Neyimize yetmiyor bu parlamenter sistem?

Neyimize yetmiyor bu parlamenter sistem?

Türkiye Cumhuriyeti topraklarında yaşayan insanların büyük bir kesimi..

Kemal Kılıçdaroğlu’nun “neyimize yetmiyor” dediği “dünyada bir örneği dahi olmayan hem Cumhurbaşkanı’nın hem de Başbakan’ın yürütmenin başı olarak bulunduğu bugünkü parlamenter sistemi” istemiyor..

Niye istemiyor?

Bugün bunu anlatacağım sizlere..

Ve “yeni sistemi istemeyenler” bile içinden hak verecek bana..

BU SİSTEM MUTLAKA DEĞİŞMELİ..

Çünkü bu sistem halkın inandığı bütün değerleri ayaklar altına aldı..

Bu sistem sayesinde Adnan Menderes ve onun dava arkadaşı olan Bakanlar suçsuz günahsız yere darağaçlarında sallandırıldı..

Bu sistem sayesinde 1980 darbesi yapıldı..

Bu sistem sayesinde "adalet yerini bulsun diye bir sağdan, bir soldan astık" denildi..

Bu sistem sayesinde, o dönemde 5 bin insanın nerede olduğu hala bilinmiyor..

Bu “çift başlı” sistem sayesinde Cumhurbaşkanı Özal, dönemin Başbakanı Demirel tarafından Çankaya'ya hapsedildi, yalnızlaştırıldı..
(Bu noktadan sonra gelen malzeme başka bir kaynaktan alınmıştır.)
(* Let $G$ be an edge-colored graph of order $n$ such that $\delta^c(G)=n-1$ (so $G$ is complete and any two edges sharing a vertex have distinct colors). Then for any subset $S\subseteq V(G)$ with $|S|=5$, $G[S]$ contains a rainbow $C_4$.
   Context: An edge-colored graph is a finite simple graph $G$ with a map $C:E(G)\to\mathbb{N}$. The color degree $d^c(v)$ is the number of distinct colors on edges incident to $v$; $\delta^c(G)=\min_v d^c(v)$. A subgraph is rainbow if all its edges have distinct colors; $C_4$ is a cycle of length 4; $G[S]$ is the induced subgraph. *)

From mathcomp Require Import all_boot.
Set Implicit Arguments. Unset Strict Implicit. Unset Printing Implicit Defensive.

Definition simple_graph (T : finType) (e : rel T) : Prop :=
  irreflexive e /\ symmetric e.

(* An edge-colouring: a colour for every unordered pair, i.e. a symmetric
   map; only its values on edges (e x y) are relevant. *)
Definition edge_coloring (T : finType) (col : T -> T -> nat) : Prop :=
  forall x y, col x y = col y x.

Definition color_degree (T : finType) (e : rel T) (col : T -> T -> nat) (v : T) : nat :=
  size (undup [seq col v u | u <- enum T & e v u]).

Definition has_rainbow_C4_in (T : finType) (e : rel T) (col : T -> T -> nat)
    (S : {set T}) : Prop :=
  exists a b c d : T,
    [/\ [/\ a \in S, b \in S, c \in S & d \in S],
        uniq [:: a; b; c; d],
        [/\ e a b, e b c, e c d & e d a] &
        uniq [:: col a b; col b c; col c d; col d a]].

From mathcomp Require Import all_boot zify.
Set Implicit Arguments.
Unset Strict Implicit.
Unset Printing Implicit Defensive.

(* On four vertices a 4-cycle is the
   union of two of the three perfect matchings, and since adjacent edges
   already have distinct colours it is rainbow as soon as neither matching is
   monochromatic.  So if G[S] has no rainbow C4, each of the five 4-subsets
   of S spans at least two monochromatic matchings: at least ten
   monochromatic pairs of disjoint edges.  But the three edges disjoint from
   a given edge form a triangle, whose colours are distinct, so every edge
   lies in at most one such pair and there are at most 10 / 2 = 5 of them. *)

Lemma color_degreeE (T : finType) (e : rel T) (col : T -> T -> nat) v :
  color_degree e col v = size (undup (image (col v) (e v))).
Proof. by rewrite /color_degree enumT. Qed.

Section MaxColorDegree.

Variables (T : finType) (e : rel T) (col : T -> T -> nat).
Hypotheses (e_irr : irreflexive e) (dc_max : forall v, color_degree e col v = #|T| - 1).

Lemma nbrs_sub_predC1 v : e v \subset predC1 v.
Proof.
by apply/subsetP => u; rewrite !inE; apply: contraTneq => ->; rewrite unfold_in e_irr.
Qed.

Lemma max_color_degree_nbrs v : #|e v| = #|predC1 v| /\ uniq (image (col v) (e v)).
Proof.
have le_nbrs := subset_leq_card (nbrs_sub_predC1 v).
have := size_undup (image (col v) (e v)).
rewrite -color_degreeE dc_max size_image cardC1 -subn1 in le_nbrs * => ge_nbrs.
have card_nbrs : #|e v| = #|T| - 1 by apply/eqP; rewrite eqn_leq le_nbrs ge_nbrs.
split; first by rewrite card_nbrs.
by apply/negPn; rewrite -ltn_size_undup -color_degreeE dc_max size_image card_nbrs ltnn.
Qed.

Lemma max_color_degree_complete x y : x != y -> e x y.
Proof.
have [card_nbrs _] := max_color_degree_nbrs x.
move/(subset_cardP card_nbrs): (nbrs_sub_predC1 x) => nbrsE xy.
by have := nbrsE y; rewrite !inE eq_sym xy unfold_in.
Qed.

Lemma max_color_degree_proper v : {in predC1 v &, injective (col v)}.
Proof.
have [_ /dinjectiveP col_inj] := max_color_degree_nbrs v.
by move=> x y xv yv; apply: col_inj; apply: max_color_degree_complete; rewrite eq_sym.
Qed.

End MaxColorDegree.

Section RainbowC4.

Variables (T : finType) (e : rel T) (col : T -> T -> nat).
Hypotheses (col_sym : edge_coloring col) (e_complete : forall x y, x != y -> e x y).
Hypothesis col_inj : forall v, {in predC1 v &, injective (col v)}.

Lemma col_neq v x y : x != v -> y != v -> x != y -> col v x != col v y.
Proof. by move=> xv yv; apply: contra_neq; apply: col_inj. Qed.

Lemma triangle_colors_uniq r s t :
  uniq [:: r; s; t] -> uniq [:: col r s; col r t; col s t].
Proof.
rewrite /= !inE !negb_or !andbT => /andP [/andP [rs rt] st].
apply/andP; split; first (apply/andP; split).
- by rewrite col_neq // eq_sym.
- by rewrite (col_sym r s) col_neq // eq_sym.
- by rewrite (col_sym r t) (col_sym s t) col_neq.
Qed.

Definition monochromatic (x y z w : T) : nat := col x y == col z w.

Lemma monochromaticC x y z w : monochromatic x y z w = monochromatic z w x y.
Proof. by rewrite /monochromatic eq_sym. Qed.

Lemma monochromatic_triangle x y r s t : uniq [:: r; s; t] ->
  monochromatic x y r s + monochromatic x y r t + monochromatic x y s t <= 1.
Proof.
move=> /triangle_colors_uniq /(count_uniq_mem (col x y)) /=.
by rewrite addn0 addnA ![_ == col x y]eq_sym => ->; apply: leq_b1.
Qed.

Lemma rainbow_C4_of_opposite_colors (S : {set T}) a b c d :
  [/\ a \in S, b \in S, c \in S & d \in S] -> uniq [:: a; b; c; d] ->
  col a b != col c d -> col b c != col d a -> has_rainbow_C4_in e col S.
Proof.
move=> abcdS uniq_abcd ab_cd bc_da.
move: (uniq_abcd); rewrite /= !inE !negb_or !andbT.
case/and3P => /and3P [ab ac ad] /andP [bc bd] cd.
have adj x v y : x != v -> y != v -> x != y -> col x v != col v y.
  by move=> xv yv xy; rewrite col_sym col_neq.
exists a, b, c, d; split => //; first by rewrite !e_complete // eq_sym.
rewrite /= !inE !negb_or ab_cd bc_da (eq_sym (col a b) (col d a)) !adj //.
all: by rewrite eq_sym.
Qed.

Lemma rainbow_C4_or_two_monochromatic (S : {set T}) i j k l :
  [/\ i \in S, j \in S, k \in S & l \in S] -> uniq [:: i; j; k; l] ->
  has_rainbow_C4_in e col S \/
  2 <= monochromatic i j k l + monochromatic i k j l + monochromatic i l j k.
Proof.
move=> [iS jS kS lS] uniq_ijkl; rewrite /monochromatic.
have uniq_ijlk : uniq [:: i; j; l; k].
  by rewrite (perm_uniq (_ : perm_eq _ [:: i; j; k; l])) //; apply/permP => p /=; lia.
have uniq_ikjl : uniq [:: i; k; j; l].
  by rewrite (perm_uniq (_ : perm_eq _ [:: i; j; k; l])) //; apply/permP => p /=; lia.
case: eqVneq => [_|ij_kl]; case: eqVneq => [_|ik_jl]; case: eqVneq => [_|il_jk];
  try by right.
- left; apply: (@rainbow_C4_of_opposite_colors S i k j l) => //.
  by rewrite (col_sym k j) (col_sym l i) eq_sym.
- left; apply: (@rainbow_C4_of_opposite_colors S i j k l) => //.
  by rewrite (col_sym l i) eq_sym.
- left; apply: (@rainbow_C4_of_opposite_colors S i j l k) => //.
    by rewrite (col_sym l k).
  by rewrite (col_sym k i) eq_sym.
- left; apply: (@rainbow_C4_of_opposite_colors S i j k l) => //.
  by rewrite (col_sym l i) eq_sym.
Qed.

Lemma rainbow_C4_of_five (S : {set T}) a b c d f :
  [/\ a \in S, b \in S, c \in S, d \in S & f \in S] -> uniq [:: a; b; c; d; f] ->
  has_rainbow_C4_in e col S.
Proof.
move=> [aS bS cS dS fS] /mask_uniq uniq_mask.
have [//|Qabcd] := rainbow_C4_or_two_monochromatic (And4 aS bS cS dS)
  (uniq_mask [:: true; true; true; true; false]).
have [//|Qabcf] := rainbow_C4_or_two_monochromatic (And4 aS bS cS fS)
  (uniq_mask [:: true; true; true; false; true]).
have [//|Qabdf] := rainbow_C4_or_two_monochromatic (And4 aS bS dS fS)
  (uniq_mask [:: true; true; false; true; true]).
have [//|Qacdf] := rainbow_C4_or_two_monochromatic (And4 aS cS dS fS)
  (uniq_mask [:: true; false; true; true; true]).
have [//|Qbcdf] := rainbow_C4_or_two_monochromatic (And4 bS cS dS fS)
  (uniq_mask [:: false; true; true; true; true]).
have Eab := monochromatic_triangle a b (uniq_mask [:: false; false; true; true; true]).
have Eac := monochromatic_triangle a c (uniq_mask [:: false; true; false; true; true]).
have Ead := monochromatic_triangle a d (uniq_mask [:: false; true; true; false; true]).
have Eaf := monochromatic_triangle a f (uniq_mask [:: false; true; true; true; false]).
have Ebc := monochromatic_triangle b c (uniq_mask [:: true; false; false; true; true]).
have Ebd := monochromatic_triangle b d (uniq_mask [:: true; false; true; false; true]).
have Ebf := monochromatic_triangle b f (uniq_mask [:: true; false; true; true; false]).
have Ecd := monochromatic_triangle c d (uniq_mask [:: true; true; false; false; true]).
have Ecf := monochromatic_triangle c f (uniq_mask [:: true; true; false; true; false]).
have Edf := monochromatic_triangle d f (uniq_mask [:: true; true; true; false; false]).
(* Orient each pair of disjoint edges as in the Q facts, lexicographically. *)
rewrite (monochromaticC b c) (monochromaticC b c a f) in Ebc.
rewrite (monochromaticC b d) (monochromaticC b d a f) in Ebd.
rewrite (monochromaticC b f) (monochromaticC b f a d) in Ebf.
rewrite !(monochromaticC c d) in Ecd; rewrite !(monochromaticC c f) in Ecf.
rewrite !(monochromaticC d f) in Edf.
lia.
Qed.

End RainbowC4.

Theorem lemma10 (T : finType) (e : rel T) (col : T -> T -> nat) :
  simple_graph e -> edge_coloring col ->
  (forall v : T, color_degree e col v = #|T| - 1) ->
  forall S : {set T}, #|S| = 5 -> has_rainbow_C4_in e col S.
Proof.
move=> [e_irr _] col_sym dc_max S card_S.
have e_complete := max_color_degree_complete e_irr dc_max.
have col_inj := max_color_degree_proper e_irr dc_max.
have : size (enum S) = 5 by rewrite -cardE.
move: (enum_uniq S) (mem_enum S).
case: (enum S) => [|a [|b [|c [|d [|f [|]]]]]] // uniq_S memS _.
apply: (rainbow_C4_of_five col_sym e_complete col_inj _ uniq_S).
by split; rewrite -memS !inE eqxx ?orbT.
Qed.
Öyle bir yalnızlaştırma ki, zehirlendiğinde kendisini hastaneye yetiştirecek bir ambulans bile yoktu Çankaya'da..

Bu sistem sayesinde halkın Başbakan olarak seçtiği Erbakan koltuğundan edildi..

Bu sistem sayesinde askerler Erbakan'ı Başbakanlık binası içinde tokatlamaya çalıştı, hakaret etti..
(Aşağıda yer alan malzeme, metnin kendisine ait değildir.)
Lemma phi_image_mul_lead (l p : 'I_n) (mp : 'X_{1..n}) (h : K) :
  (0 < val p)%N -> ~~ involves1 (Fs p) -> x1free mp ->
  (forall m, m \in msupp (Fs p - 'X_[mp]) -> (0 < m l)%N) ->
  phi_image (h * xK l) -> phi_image (h * xK p) -> phi_image (h * tofrac ('X_[mp] : P)).
Proof.
move=> pp hF hmp hl Bhl Bhp; have hS := closed_phi_image.
have BhF : phi_image (h * tofrac (Fs p)).
  have := closedM hS Bhp (phi_image_xpK pp hF).
  by rewrite xpKE mulrCA -mulrA mulrCA mulfV ?xK_neq0 // mulr1.
have BhD : phi_image (h * tofrac (Fs p - 'X_[mp])).
  rewrite [X in tofrac X]mpolyE rmorph_sum mulr_sumr; apply: (closed_sum hS) => m hm.
  have mE : m = ((m - U_(l)) + U_(l))%MM.
    apply/mnmP => i; rewrite mnmDE mnmBE mnm1E.
    by case: eqP => [<-|_]; rewrite ?subnK ?hl // subn0 addn0.
  rewrite -mul_mpolyC [in 'X_[m]]mE mpolyXD !rmorphM /= mulrCA.
  apply: (closedM hS); first exact: closed_cst.
  rewrite mulrCA; apply: (closedM hS) => //; apply: phi_image_x1free_mono => i i0.
  rewrite mnmBE; move: hm => /msuppB_le; rewrite mem_cat => /orP [hm|].
    by rewrite (x1free_supp hF hm).
  by rewrite msuppX inE => /eqP ->; rewrite hmp.
by have := closedB hS BhF BhD; rewrite -mulrBr rmorphB /= opprB addrC subrK.
Qed.

Lemma phi_image_cancel_xK (p : 'I_n) (g : K) :
  phi_image (xK p)^-1 -> phi_image (g * xK p) -> phi_image g.
Proof.
move=> Binv Bgp; have := closedM closed_phi_image Bgp Binv.
by rewrite -mulrA mulfV ?xK_neq0 // mulr1.
Qed.

Section Descent.
Variable j : 'I_n.
Hypothesis jp : (0 < val j)%N.
Hypothesis IHinv : forall p : 'I_n, (j < p)%N ->
  (0 < val p)%N -> involves1 (Fs p) -> phi_image (xK p)^-1.
Local Notation u := (xK j)^-1.

Lemma phi_image_cancel_lead (l : 'I_n) : (j <= l)%N ->
  forall m, lexfirst (Fs l) m -> (forall i : 'I_n, (i <= l)%N -> m i = 0%N) ->
  forall g, phi_image (g * tofrac ('X_[m] : P) * u) -> phi_image (g * xK l * u) ->
  phi_image (g * u).
Proof.
elim/ord_ind_down: l => l IHl jl m lfm mz g Bgm Bgl.
have hS := closed_phi_image.
apply: (@cancel_monomial _ _ (fun g => phi_image (g * xK l * u))
  (fun g => phi_image (g * u)) m) Bgl Bgm => p mlp {}g Bgl.
have lp : (l < p)%N by rewrite ltnNge; apply: contraL mlp => /mz ->.
have pp : (0 < val p)%N by apply: leq_ltn_trans lp.
split.
  rewrite -!mulrA mulrCA [xK p * _]mulrC !mulrA.
  exact: (closedM hS Bgl (phi_image_xK pp)).
move=> Bgp; have [hF|hF] := boolP (involves1 (Fs p)).
  apply: (phi_image_cancel_xK (IHinv (leq_ltn_trans jl lp) pp hF)).
  by rewrite mulrAC.
have [_ [mp [lfp [_ [mpz [_ hiv]]]]]] := hc p.
apply: (IHl p lp (ltnW (leq_ltn_trans jl lp)) mp lfp mpz g) => //.
have mp_free : x1free mp by move=> i i0; apply: mpz; rewrite i0.
have mp_l : forall m', m' \in msupp (Fs p - 'X_[mp]) -> (0 < m' l)%N.
  have l1 : (1 <= l)%N := leq_trans jp jl.
  have l_range : (1 <= l < p)%N by rewrite l1 lp.
  exact: (hiv (leq_ltn_trans l1 lp) hF l l_range m lfm mlp).
by rewrite mulrAC; apply: (phi_image_mul_lead pp hF mp_free mp_l); rewrite mulrAC.
Qed.

End Descent.

Lemma phi_image_xK_inv (j : 'I_n) : (0 < val j)%N -> involves1 (Fs j) ->
  phi_image (xK j)^-1.
Proof.
elim/ord_ind_down: j => j IHinv jp hF.
have [m [lfm mz] pm] := phi_graph_xpK_x1 jp hF.
have := phi_image_cancel_lead jp IHinv (leqnn j) lfm mz (g := 1).
rewrite !mul1r mulfV ?xK_neq0 //; apply; last exact: closed1 (closed_phi_image).
exists (xpK Fs j); split => //.
by apply: subalg_mem; apply/mem_gens; exists j; auto.
Qed.

Lemma subalg_tgt_phi_image w : subalg (gens_tgt Fs) w -> phi_image w.
Proof.
apply: subalg_min; first exact: closed_phi_image.
move=> a /mem_gens [j jp [->|->]]; first exact: phi_image_xK.
rewrite /xminus; case: ifPn => hF; first exact: phi_image_xK_inv.
exact: phi_image_xpK.
Qed.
Dönemin Cumhurbaşkanı olan Demirel, bu sistem sayesinde askerle birlik olup "ya gidersin, ya darbeyle gönderilirsin" diyerek postmodern darbe yaptı..

Bu sistem sayesinde 28 Şubat kararları alındı..

"28 Şubat bin yıl sürecek" diyerek toplumun milli ve manevi değerlerini ayaklar altına alanlar bu sisteme güveniyordu..

Başı kapalı kızların okul kapılarında yerlerde sürüklenmesine neden olan sistem, bu sistemdir..

Meclis'te ve kamuda başörtülü kadınların bulunmasını engelleyen “sözümona kadın haklarına saygılı demokratik sistem” de bu sistemdir..

İşte bütün bu nedenlerden dolayı bu sistem değişmek zorunda..

“BUGÜN GİT YARIN GEL” YAPISI

Bir de devleti çalıştırmayan “ağır aksak, hantal bir yapı” var bu sistemde..

“Devlette en acele işin 6 ay müsaadesi var” gibi, “bugün git yarın gel” gibi söylemlerle anılan uygulamalar var bu sistemde..

Hatırlayın..

Temeli atılıp da çürütülen tesisler, 9 yılda bile bitirilemeyen hastaneler, gümrük kapısında aylarca bekletilen TIR’lar, 15-20 yılda bitirilemeyen 5 kilometrelik yollar var bu sistemde..

Niye var?

”Bürokrasi” hazretleri böyle istediği için var..

Hastanelerde muayene sırası alma kuyruğu, numaranı aldın muayene kuyruğu, muayeneni (olabilirsen eğer) oldun ilaç alabilmek için imza kuyruğu, imzayı aldın ilaç kuyruğu var bu sistemde..

Ak Parti hükümetinin iradesi ve hizmetleri sayesinde şükür bunları 10 yıldır yaşamıyoruz artık..

Bir başka parti  iktidara geldiğinde, içinde bulunduğumuz bu sistemde “aynı şeyleri yeniden yaşamayacağız” anlamına gelmez bu..

İşte bütün bu nedenlerden dolayı bu sistem değişmek zorunda..

BÜROKRASİ İMPARATORLUĞU

Bu sistem hükümetlerin çalışmasının ve hizmet üretmesinin de önüne geçiyor..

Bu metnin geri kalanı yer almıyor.